* [Work order]
Determine the number of lines in the data that include the word "Prop", and write only that number.

[Collected data]
================================

(** * Differentiating along segments *)

Lemma inIntD_open a b x y : inIntD a b x y ->
  exists rho, 0 < rho /\
    forall u v, Rabs (u - x) < rho -> Rabs (v - y) < rho -> inIntD a b u v.
Proof.
  intros [[Hx0 Hxa] [Hy0 Hyb]].
  exists (Rmin (Rmin x (a - x)) (Rmin y (b - y))). split.
  - repeat apply Rmin_pos; lra.
  - intros u v Hu Hv.
    pose proof (Rmin_l (Rmin x (a - x)) (Rmin y (b - y))).
    pose proof (Rmin_r (Rmin x (a - x)) (Rmin y (b - y))).
    pose proof (Rmin_l x (a - x)). pose proof (Rmin_r x (a - x)).
    pose proof (Rmin_l y (b - y)). pose proof (Rmin_r y (b - y)).
    apply Rabs_lt_between in Hu, Hv. unfold inIntD. lra.
Qed.

Lemma C3_partial_continuous a b f F l x y : C3_on_D_with a b f F ->
  (length l <= 3)%nat -> inIntD a b x y -> continuity_2d_pt (F l) x y.
Proof.
  intros (_ & _ & _ & Hext) Hl Hxy eps.
  destruct (Hext l Hl) as [G [HG EG]].
  assert (HxyD : inD a b x y) by (unfold inD, inIntD in *; lra).
  destruct (HG x y HxyD eps (cond_pos eps)) as [d [Hd Hclose]].
  destruct (inIntD_open a b x y Hxy) as [rho [Hrho Hint]].
  exists (mkposreal _ (Rmin_pos d rho Hd Hrho)). simpl. intros u v Hu Hv.
  pose proof (Rmin_l d rho). pose proof (Rmin_r d rho).
  assert (Huv : inIntD a b u v) by (apply Hint; lra).
  rewrite <- (EG u v Huv), <- (EG x y Hxy).
  apply Hclose; [unfold inD, inIntD in *; lra | lra | lra].
Qed.

Lemma differentiable_of_continuous_partials (g gx gy : R -> R -> R) x y rho : 0 < rho ->
  (forall u v, Rabs (u - x) < rho -> Rabs (v - y) < rho ->
     derivable_pt_lim (fun t => g t v) u (gx u v) /\
     derivable_pt_lim (fun t => g u t) v (gy u v)) ->
  continuity_2d_pt gx x y -> continuity_2d_pt gy x y ->
  differentiable_pt_lim g x y (gx x y) (gy x y).
Proof.
  intros Hrho Hd Cx Cy eps.
  assert (He2 : 0 < eps / 2) by (destruct eps; simpl; lra).
  destruct (Cx (mkposreal _ He2)) as [[d1 Hd1] Hclose1].
  destruct (Cy (mkposreal _ He2)) as [[d2 Hd2] Hclose2]. simpl in *.
  exists (mkposreal _ (Rmin_pos _ _ Hrho (Rmin_pos _ _ Hd1 Hd2))). simpl.
  intros u v Hu Hv.
  pose proof (Rmin_l rho (Rmin d1 d2)). pose proof (Rmin_r rho (Rmin d1 d2)).
  pose proof (Rmin_l d1 d2). pose proof (Rmin_r d1 d2).
  (* mean value theorem along the horizontal, then the vertical, side of the rectangle *)
  destruct (MVT_cor4 (fun t => g t y) (fun t => gx t y) x (Rabs (u - x))) with (b := u)
    as [xi [Exi Hxi]]; [|lra|].
  { intros c Hc. apply is_derive_Reals, Hd; [lra|]. rewrite Rminus_diag, Rabs_R0. lra. }
  destruct (MVT_cor4 (fun t => g u t) (fun t => gy u t) y (Rabs (v - y))) with (b := v)
    as [eta [Eeta Heta]]; [|lra|].
  { intros c Hc. apply is_derive_Reals, Hd; lra. }
  simpl in Exi, Eeta.
  assert (A1 : Rabs (gx xi y - gx x y) < eps / 2).
  { apply Hclose1; [lra|]. rewrite Rminus_diag, Rabs_R0. lra. }
  assert (A2 : Rabs (gy u eta - gy x y) < eps / 2) by (apply Hclose2; lra).
  replace (g u v - g x y - (gx x y * (u - x) + gy x y * (v - y))) with
    ((gx xi y - gx x y) * (u - x) + (gy u eta - gy x y) * (v - y)) by lra.
  eapply Rle_trans; [apply Rabs_triang|]. rewrite !Rabs_mult.
  pose proof (Rmax_l (Rabs (u - x)) (Rabs (v - y))).
  pose proof (Rmax_r (Rabs (u - x)) (Rabs (v - y))).
  pose proof (Rabs_pos (u - x)). pose proof (Rabs_pos (v - y)).
  nra.
Qed.

Lemma derivable_pt_lim_affine x0 u t : derivable_pt_lim (fun s => x0 + s * u) t u.
Proof.
  assert (H := derivable_pt_lim_plus (fun _ => x0) (fun s => s * u) t 0 (1 * u)
    (derivable_pt_lim_const x0 t) (derivable_pt_lim_scal_right id t 1 u (derivable_pt_lim_id t))).
  now rewrite Rplus_0_l, Rmult_1_l in H.
Qed.

Lemma C3_deriv_along_line a b f F l x0 y0 u v t : C3_on_D_with a b f F ->
  (length l < 3)%nat -> inIntD a b (x0 + t * u) (y0 + t * v) ->
  derivable_pt_lim (fun s => F l (x0 + s * u) (y0 + s * v)) t
    (F (false :: l) (x0 + t * u) (y0 + t * v) * u
     + F (true :: l) (x0 + t * u) (y0 + t * v) * v).
Proof.
  intros HF Hl Hint.
  assert (Hpartial := proj1 (proj2 (proj2 HF)) l).
  apply derivable_pt_lim_comp_2d; [|apply derivable_pt_lim_affine..].
  destruct (inIntD_open a b _ _ Hint) as [rho [Hrho Hnear]].
  apply (differentiable_of_continuous_partials _ _ _ _ _ rho Hrho).
  - intros p q Hp Hq. split.
    + exact (Hpartial false Hl p q (Hnear p q Hp Hq)).
    + exact (Hpartial true Hl p q (Hnear p q Hp Hq)).
  - apply (C3_partial_continuous a b f); [assumption | simpl; lia | assumption].
  - apply (C3_partial_continuous a b f); [assumption | simpl; lia | assumption].
Qed.

(** * Binary quadratic forms *)

Definition qform (A B C D u v : R) : R := u * u * A + u * v * B + v * u * C + v * v * D.

Definition hess (F : list bool -> R -> R -> R) (x y : R) : R -> R -> R :=
  qform (F [false; false] x y) (F [true; false] x y) (F [false; true] x y) (F [true; true] x y).

Lemma binary_quadratic_nonneg p q s u v :
  0 < p -> s * s <= 4 * p * q -> 0 <= p * u * u + s * u * v + q * v * v.
Proof.
  intros Hp Hdisc.
  enough (0 <= 4 * p * (p * u * u + s * u * v + q * v * v)) by nra.
  replace (4 * p * (p * u * u + s * u * v + q * v * v))
    with ((2 * p * u + s * v) * (2 * p * u + s * v) + (4 * p * q - s * s) * (v * v)) by ring.
  pose proof (Rle_0_sqr (2 * p * u + s * v)). pose proof (Rle_0_sqr v). unfold Rsqr in *.
  assert (0 <= (4 * p * q - s * s) * (v * v)) by (apply Rmult_le_pos; lra).
  lra.
Qed.

Lemma qform_pos_def_coercive A B C D :
  (forall u v, (u, v) <> (0, 0) -> 0 < qform A B C D u v) ->
  exists mu, 0 < mu /\ forall u v, mu * (u * u + v * v) <= qform A B C D u v.
Proof.
  unfold qform. intros Hpos.
  assert (HA : 0 < A) by (specialize (Hpos 1 0 ltac:(intro E; inversion E; lra)); lra).
  assert (HD : 0 < D) by (specialize (Hpos 0 1 ltac:(intro E; inversion E; lra)); lra).
  set (S := B + C).
  assert (Hdisc : 0 < 4 * A * D - S * S).
  { specialize (Hpos S (-2 * A) ltac:(intro E; inversion E; lra)).
    replace (S * S * A + S * (-2 * A) * B + -2 * A * S * C + -2 * A * (-2 * A) * D)
      with (A * (4 * A * D - S * S)) in Hpos by (unfold S; ring).
    nra. }
  (* with this mu, the discriminant of the form minus mu (u^2 + v^2) is -4 mu^2 *)
  set (mu := (4 * A * D - S * S) / (4 * (A + D))).
  assert (Hmu : mu * (A + D) = (4 * A * D - S * S) / 4) by (unfold mu; field; lra).
  assert (Hmu0 : 0 < mu) by (unfold mu; apply Rdiv_lt_0_compat; lra).
  exists mu. split; [exact Hmu0|]. intros u v.
  replace (u * u * A + u * v * B + v * u * C + v * v * D)
    with (mu * (u * u + v * v) + ((A - mu) * u * u + S * u * v + (D - mu) * v * v))
    by (unfold S; ring).
  enough (0 <= (A - mu) * u * u + S * u * v + (D - mu) * v * v) by lra.
  apply binary_quadratic_nonneg.
  - assert (Hlt : mu * (A + D) < A * (A + D))
      by (rewrite Hmu; pose proof (Rle_0_sqr S); unfold Rsqr in *; nra).
    apply Rmult_lt_reg_r in Hlt; lra.
  - replace (4 * (A - mu) * (D - mu)) with (4 * A * D - 4 * (mu * (A + D)) + 4 * (mu * mu))
      by ring.
    rewrite Hmu. pose proof (Rle_0_sqr mu). unfold Rsqr in *. lra.
Qed.

Lemma qform_abs_le A B C D e u v :
  Rabs A <= e -> Rabs B <= e -> Rabs C <= e -> Rabs D <= e ->
  Rabs (qform A B C D u v) <= 2 * e * (u * u + v * v).
Proof.
  unfold qform. rewrite !Rabs_le_between. intros HA HB HC HD.
  assert (2 * Rabs (u * v) <= u * u + v * v).
  { pose proof (Rle_0_sqr (u - v)). pose proof (Rle_0_sqr (u + v)). unfold Rsqr in *.
    unfold Rabs; destruct (Rcase_abs (u * v)); nra. }
  assert (- (e * Rabs (u * v)) <= u * v * B <= e * Rabs (u * v)).
  { unfold Rabs; destruct (Rcase_abs (u * v)); split; nra. }
  assert (- (e * Rabs (u * v)) <= v * u * C <= e * Rabs (u * v)).
  { replace (v * u) with (u * v) by ring. unfold Rabs; destruct (Rcase_abs (u * v)); split; nra. }
  split; nra.
Qed.

(** * A Taylor window around the minimum *)

Definition in_square (px py d x y : R) : Prop := Rabs (x - px) <= d /\ Rabs (y - py) <= d.

Record taylor_window (a b : R) (f : R -> R -> R) (F : list bool -> R -> R -> R)
    (px py d mu M : R) : Prop := {
  window_C3 : C3_on_D_with a b f F;
  window_interior : forall x y, in_square px py d x y -> inIntD a b x y;
  window_mu_pos : 0 < mu;
  window_hess_coercive : forall x y, in_square px py d x y ->
    forall u v, mu * (u * u + v * v) <= hess F x y u v;
  window_hess_bounded : forall x y, in_square px py d x y ->
    Rabs (F [false; false] x y) <= M /\ Rabs (F [true; false] x y) <= M /\
    Rabs (F [false; true] x y) <= M /\ Rabs (F [true; true] x y) <= M }.

Lemma continuity_2d_pt_square g x y eps : continuity_2d_pt g x y -> 0 < eps ->
  exists d, 0 < d /\ forall u v, in_square x y d u v -> Rabs (g u v - g x y) <= eps.
Proof.
  intros Hg Heps. destruct (Hg (mkposreal eps Heps)) as [[d Hd] Hclose].
  exists (d / 2). split; [lra|]. intros u v [Hu Hv]. apply Rlt_le, Hclose; simpl; lra.
Qed.

Lemma square_nbhd_and (P Q : R -> R -> Prop) px py :
  (exists d, 0 < d /\ forall x y, in_square px py d x y -> P x y) ->
  (exists d, 0 < d /\ forall x y, in_square px py d x y -> Q x y) ->
  exists d, 0 < d /\ forall x y, in_square px py d x y -> P x y /\ Q x y.
Proof.
  intros [d1 [Hd1 HP]] [d2 [Hd2 HQ]].
  exists (Rmin d1 d2). split; [now apply Rmin_pos|].
  pose proof (Rmin_l d1 d2). pose proof (Rmin_r d1 d2).
  intros x y [Hx Hy]. split; [apply HP | apply HQ]; split; lra.
Qed.

Lemma qform_coercive_perturb mu A B C D A' B' C' D' :
  (forall u v, mu * (u * u + v * v) <= qform A B C D u v) ->
  Rabs (A' - A) <= mu / 4 -> Rabs (B' - B) <= mu / 4 ->
  Rabs (C' - C) <= mu / 4 -> Rabs (D' - D) <= mu / 4 ->
  forall u v, mu / 2 * (u * u + v * v) <= qform A' B' C' D' u v.
Proof.
  intros Hcoer HA HB HC HD u v.
  assert (Q := qform_abs_le _ _ _ _ _ u v HA HB HC HD).
  specialize (Hcoer u v). apply Rabs_le_between in Q.
  unfold qform in *. lra.
Qed.

Lemma taylor_window_exists a b f F px py :
  C3_on_D_with a b f F -> inIntD a b px py -> hessian_pos_def F px py ->
  exists d mu M, 0 < d /\ taylor_window a b f F px py d mu M.
Proof.
  intros HF Hp Hpd.
  destruct (qform_pos_def_coercive _ _ _ _ Hpd) as [mu0 [Hmu0 Hcoer0]].
  assert (Hcont : forall l, (length l = 2)%nat -> exists d, 0 < d /\ forall x y,
            in_square px py d x y -> Rabs (F l x y - F l px py) <= mu0 / 4).
  { intros l Hl. apply continuity_2d_pt_square; [|lra].
    apply (C3_partial_continuous a b f); [assumption | lia | assumption]. }
  assert (Hint : exists d, 0 < d /\ forall x y, in_square px py d x y -> inIntD a b x y).
  { destruct (inIntD_open a b px py Hp) as [rho [Hrho Hint]].
    exists (rho / 2). split; [lra|]. intros x y [Hx Hy]. apply Hint; lra. }
  destruct (square_nbhd_and _ _ _ _ Hint (square_nbhd_and _ _ _ _ (Hcont [false; false] eq_refl)
             (square_nbhd_and _ _ _ _ (Hcont [true; false] eq_refl)
             (square_nbhd_and _ _ _ _ (Hcont [false; true] eq_refl) (Hcont [true; true] eq_refl)))))
    as [d [Hd Hnear]].
  exists d, (mu0 / 2),
    (Rabs (F [false; false] px py) + Rabs (F [true; false] px py)
     + Rabs (F [false; true] px py) + Rabs (F [true; true] px py) + mu0 / 4).
  split; [exact Hd|]. split.
  - exact HF.
  - intros x y Hxy. apply Hnear, Hxy.
  - lra.
  - intros x y Hxy. destruct (Hnear x y Hxy) as (_ & E1 & E2 & E3 & E4).
    exact (qform_coercive_perturb _ _ _ _ _ _ _ _ _ Hcoer0 E1 E2 E3 E4).
  - intros x y Hxy. destruct (Hnear x y Hxy) as (_ & E1 & E2 & E3 & E4).
    pose proof (Rabs_pos (F [false; false] px py)). pose proof (Rabs_pos (F [true; false] px py)).
    pose proof (Rabs_pos (F [false; true] px py)). pose proof (Rabs_pos (F [true; true] px py)).
    pose proof (Rabs_triang_inv (F [false; false] x y) (F [false; false] px py)).
    pose proof (Rabs_triang_inv (F [true; false] x y) (F [true; false] px py)).
    pose proof (Rabs_triang_inv (F [false; true] x y) (F [false; true] px py)).
    pose proof (Rabs_triang_inv (F [true; true] x y) (F [true; true] px py)).
    repeat split; lra.
Qed.

Definition dir_deriv (F : list bool -> R -> R -> R) (x y u v : R) : R :=
  F [false] x y * u + F [true] x y * v.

================================

* [Solution to this exercise]
3